Nel caso specifico «Gigino è incappato proprio in questo. L’ASL ha detto sta con voi da troppo tempo. Noi ci siamo chiesti ‘Ma perché sta andando male?’. Sta andando bene ma si chiude perché la legge quella è. Il problema è che sono tanti Gigino, tante persone che dopo aver fatto un percorso vengono rimandati indeitro, come dei pacchi postali». E le prospettive per queste persone diventano tragiche: «Se prima aveva trovato un suo equilibrio, lo mandate in un altro posto e lo destabilizzate. Una persona che entra ed esce, improvvisamente si ritrova circondato da quattro mura senza poter uscire. Questa è reclusione, un ritorno al passato». A fare più male è il fatto che proprio da queste terre si era sperimentato un metodo differente: «Da tutto il mondo guardano alle esperienze fatte qui in Campania, a Caserta, nell’agroaversano. È qui che sono nate delle alternative vere, qua è stato inventato il sistema e qua lo stanno destrutturando».
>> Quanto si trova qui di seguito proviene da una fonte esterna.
(** At a stop at most [m - 1] of the arms [1..k] can still be stored, since
    the pulled arm lies beyond [k]. *)
Lemma lsum_lost_early_ge n m k st a T s : valid_action n m st a -> (k < act_pull a)%nat ->
  (m <= k)%nat ->
  INR (k - m + 1) * (if Nat.leb T (2 * s) then 1 else 0)
  <= lsum (seq 1 k) (fun j => lost_early T j s a).
Proof.
  intros Hv Hk Hmk. destruct st as [M p]. destruct Hv as (_ & Hnd & Hlen & _ & Hpull).
  unfold lost_early. destruct (Nat.leb T (2 * s)).
  - set (L := remove Nat.eq_dec (act_pull a) (act_mem a)).
    transitivity (lsum (seq 1 k) (fun j => if in_dec Nat.eq_dec j L then 0 else 1)).
    + eapply Rle_trans; [|apply lsum_not_in_ge, seq_NoDup]. rewrite length_seq.
      assert (Hl := remove_length_lt Nat.eq_dec (act_mem a) (act_pull a) Hpull).
      assert (HL : (length L + (k - m + 1) <= k)%nat) by (unfold L; lia).
      apply le_INR in HL. rewrite plus_INR in HL. lra.
    + right. apply lsum_ext. intros x Hx. apply in_seq in Hx. assert (x <> act_pull a) by lia.
      destruct (in_dec Nat.eq_dec x (act_mem a)) as [X|X];
      destruct (in_dec Nat.eq_dec x L) as [Y|Y]; auto; exfalso; unfold L in Y.
      * apply Y. apply in_in_remove; auto.
      * apply X. apply in_remove in Y. tauto.
  - transitivity (lsum (seq 1 k) (fun _ => 0)); [rewrite lsum_const; lra|].
    apply lsum_le. intros. destruct (in_dec Nat.eq_dec x (act_mem a)); simpl; lra.
Qed.

(** * Choice of the perturbation size *)

Lemma eps_pos k T alpha : 0 < eps k T alpha.
Proof. unfold eps. apply Rmult_lt_0_compat; [lra | apply Rpower_pos]. Qed.

Lemma ln16 : ln 16 = 2 * ln 4.
Proof. replace 16 with (4 * 4) by lra. rewrite ln_mult by lra. ring. Qed.

Lemma eps_ln k T alpha : (0 < k)%nat -> (0 < T)%nat -> 0 <= alpha ->
  (2 + 2 * alpha) * ln (eps k T alpha) = - (alpha + 1) * ln 16 + ln (INR k) - ln (INR T).
Proof.
  intros Hk HT Ha. unfold eps.
  assert (0 < INR k) by (apply lt_0_INR; lia). assert (0 < INR T) by (apply lt_0_INR; lia).
  rewrite ln_mult by (try apply Rpower_pos; lra).
  rewrite ln_Rinv, ln_Rpower, ln_div, ln16 by lra. field. lra.
Qed.

Lemma eps_small_for_large_T alpha n k : 1 <= alpha -> (0 < k)%nat ->
  exists T0 : nat, forall T : nat, (T0 <= T)%nat ->
    (0 < T)%nat /\ eps k T alpha * (INR n + 1) <= / 40 /\ INR k <= eps k T alpha ^ 2 * INR T.
Proof.
  intros Ha Hk.
  assert (Hn : 0 < INR n + 1) by (assert (0 <= INR n) by apply pos_INR; lra).
  assert (Hk' : 0 < INR k) by (apply lt_0_INR; lia).
  destruct (INR_archimed 1 (INR k * Rpower (10 * (INR n + 1)) (2 + 2 * alpha)) ltac:(lra))
    as [N HN]. rewrite Rmult_1_r in HN.
  exists (Nat.max N 1). intros T HT.
  assert (HT0 : (0 < T)%nat) by lia.
  assert (HT' : 0 < INR T) by (apply lt_0_INR; lia).
  assert (HNT : INR N <= INR T) by (apply le_INR; lia).
  assert (P := Rpower_pos (10 * (INR n + 1)) (2 + 2 * alpha)).
  assert (HX : ln (INR k) + (2 + 2 * alpha) * ln (10 * (INR n + 1)) < ln (INR T)).
  { rewrite <- ln_Rpower, <- ln_mult by (auto; lra). apply ln_increasing; nra. }
  set (e := eps k T alpha).
  assert (He := eps_pos k T alpha). fold e in He.
  assert (Hln := eps_ln k T alpha Hk HT0 ltac:(lra)). fold e in Hln.
  assert (Hle : ln e < - ln (40 * (INR n + 1))).
  { replace (40 * (INR n + 1)) with (4 * (10 * (INR n + 1))) by ring.
    rewrite ln_mult by lra. rewrite ln16 in Hln. nra. }
  split; [exact HT0 | split].
  - apply Rmult_le_reg_r with (/ (INR n + 1)); [apply Rinv_0_lt_compat; lra|].
    rewrite Rmult_assoc, Rinv_r, Rmult_1_r, <- Rinv_mult by lra.
    left. apply ln_lt_inv; [exact He | apply Rinv_0_lt_compat; lra|].
    rewrite ln_Rinv by lra. exact Hle.
  - assert (L40 : ln 16 <= ln (40 * (INR n + 1)))
      by (apply ln_le; assert (0 <= INR n) by apply pos_INR; lra).
    assert (L16 : 0 < ln 16) by (rewrite <- ln_1; apply ln_increasing; lra).
    apply ln_le_inv; [exact Hk' | apply Rmult_lt_0_compat; [apply pow_lt|]; lra|].
    rewrite ln_mult, ln_pow by (try apply pow_lt; lra).
    replace (INR 2) with 2 by (simpl; ring).
    assert (alpha * ln e <= alpha * (- ln 16)) by (apply Rmult_le_compat_l; lra).
    assert (0 <= (alpha - 1) * ln 16) by (apply Rmult_le_pos; lra).
    lra.
Qed.

Section EpsScaling.
Variables (alpha : R) (k T : nat) (e : R).
Hypothesis Ha : 1 <= alpha.
Hypothesis Hk : 0 < INR k.
Hypothesis HT : 0 < INR T.
Hypothesis He : 0 < e.
Hypothesis Hln : (2 + 2 * alpha) * ln e = - (alpha + 1) * ln 16 + ln (INR k) - ln (INR T).

Lemma bound_prefactor_eq :
  Rpower (INR T) (1 / (alpha + 1)) / Rpower (INR k) (1 + 1 / (alpha + 1)) = / (16 * e ^ 2 * INR k).
Proof.
  assert (P1 := Rpower_pos (INR T) (1 / (alpha + 1))).
  assert (P2 := Rpower_pos (INR k) (1 + 1 / (alpha + 1))).
  assert (P3 : 0 < e ^ 2) by (apply pow_lt; auto).
  apply ln_inv; [apply Rdiv_lt_0_compat; auto | apply Rinv_0_lt_compat; nra|].
  rewrite ln_div, ln_Rinv, !ln_Rpower, !ln_mult, ln_pow by (auto; nra).
  replace (INR 2) with 2 by (simpl; ring).
  replace (ln (INR T)) with (ln (INR k) - (alpha + 1) * ln 16 - (2 + 2 * alpha) * ln e) by lra.
  field. lra.
Qed.

Lemma gap_term_le D : e <= D ->
  2 / Rpower 16 (alpha + 1) * Rpower D (1 - 2 * alpha) <= 2 * e ^ 4 * INR T / (INR k * D).
Proof.
  intros HD.
  assert (P1 := Rpower_pos 16 (alpha + 1)). assert (P2 := Rpower_pos D (1 - 2 * alpha)).
  assert (P3 : 0 < e ^ 4) by (apply pow_lt; auto).
  assert (P4 : 0 < 2 / Rpower 16 (alpha + 1)) by (apply Rdiv_lt_0_compat; lra).
  assert (P5 : 0 < 2 * e ^ 4 * INR T) by nra.
  assert (P6 : 0 < INR k * D) by nra.
  apply ln_le_inv; [apply Rmult_lt_0_compat; auto | apply Rdiv_lt_0_compat; auto|].
  rewrite ln_mult, !ln_div, !ln_mult, !ln_Rpower, ln_pow by (auto; lra).
    replace (INR 4) with 4 by (simpl; ring).
    replace (ln (INR T)) with (ln (INR k) - (alpha + 1) * ln 16 - (2 + 2 * alpha) * ln e) by lra.
    assert (ln e <= ln D) by (apply ln_le; auto).
    nra.
Qed.

End EpsScaling.

Lemma gap_term_le_primed alpha g : 1 <= alpha -> / 4 <= g ->
  2 / Rpower 16 (alpha + 1) * Rpower g (1 - 2 * alpha) <= / (128 * g).
Proof.
  intros Ha Hg. assert (P1 := Rpower_pos 16 (alpha + 1)). assert (P2 := Rpower_pos g (1 - 2 * alpha)).
  assert (P3 : 0 < 2 / Rpower 16 (alpha + 1)) by (apply Rdiv_lt_0_compat; lra).
  apply ln_le_inv; [apply Rmult_lt_0_compat; auto | apply Rinv_0_lt_compat; lra|].
  rewrite ln_Rinv, ln_mult, ln_div, !ln_Rpower, ln_mult by (auto; lra).
  assert (E : ln 2 + ln 128 = 2 * ln 16).
  { rewrite <- ln_mult by lra. replace (2 * 128) with (16 * 16) by lra. rewrite ln_mult by lra. ring. }
  assert (L : 0 <= ln 16 + 2 * ln g).
  { replace (ln 16 + 2 * ln g) with (ln (16 * (g * g))) by (rewrite !ln_mult by nra; ring).
    rewrite <- ln_1. apply ln_le; nra. }
  nra.
Qed.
Pasquale prova a darsi una spiegazione a tutto ciò: «Non si è capito se è stata una scelta politica, strategica o finanziaria. Quest’ultima non credo dato che vengono spesi e buttati soldi a carrettate nelle strutture accreditate. Evidentemente questo è un sistema che rende libere le persone e le strutture che le accolgono. Quindi mazzette, voti e tutto ciò che gira intorno alla sanità malata della nostra provincia vede un sistema che è malato in tante articolazioni, marcio. Ed evidentemente il nostro modo di agire non è compatibile con quel marciume».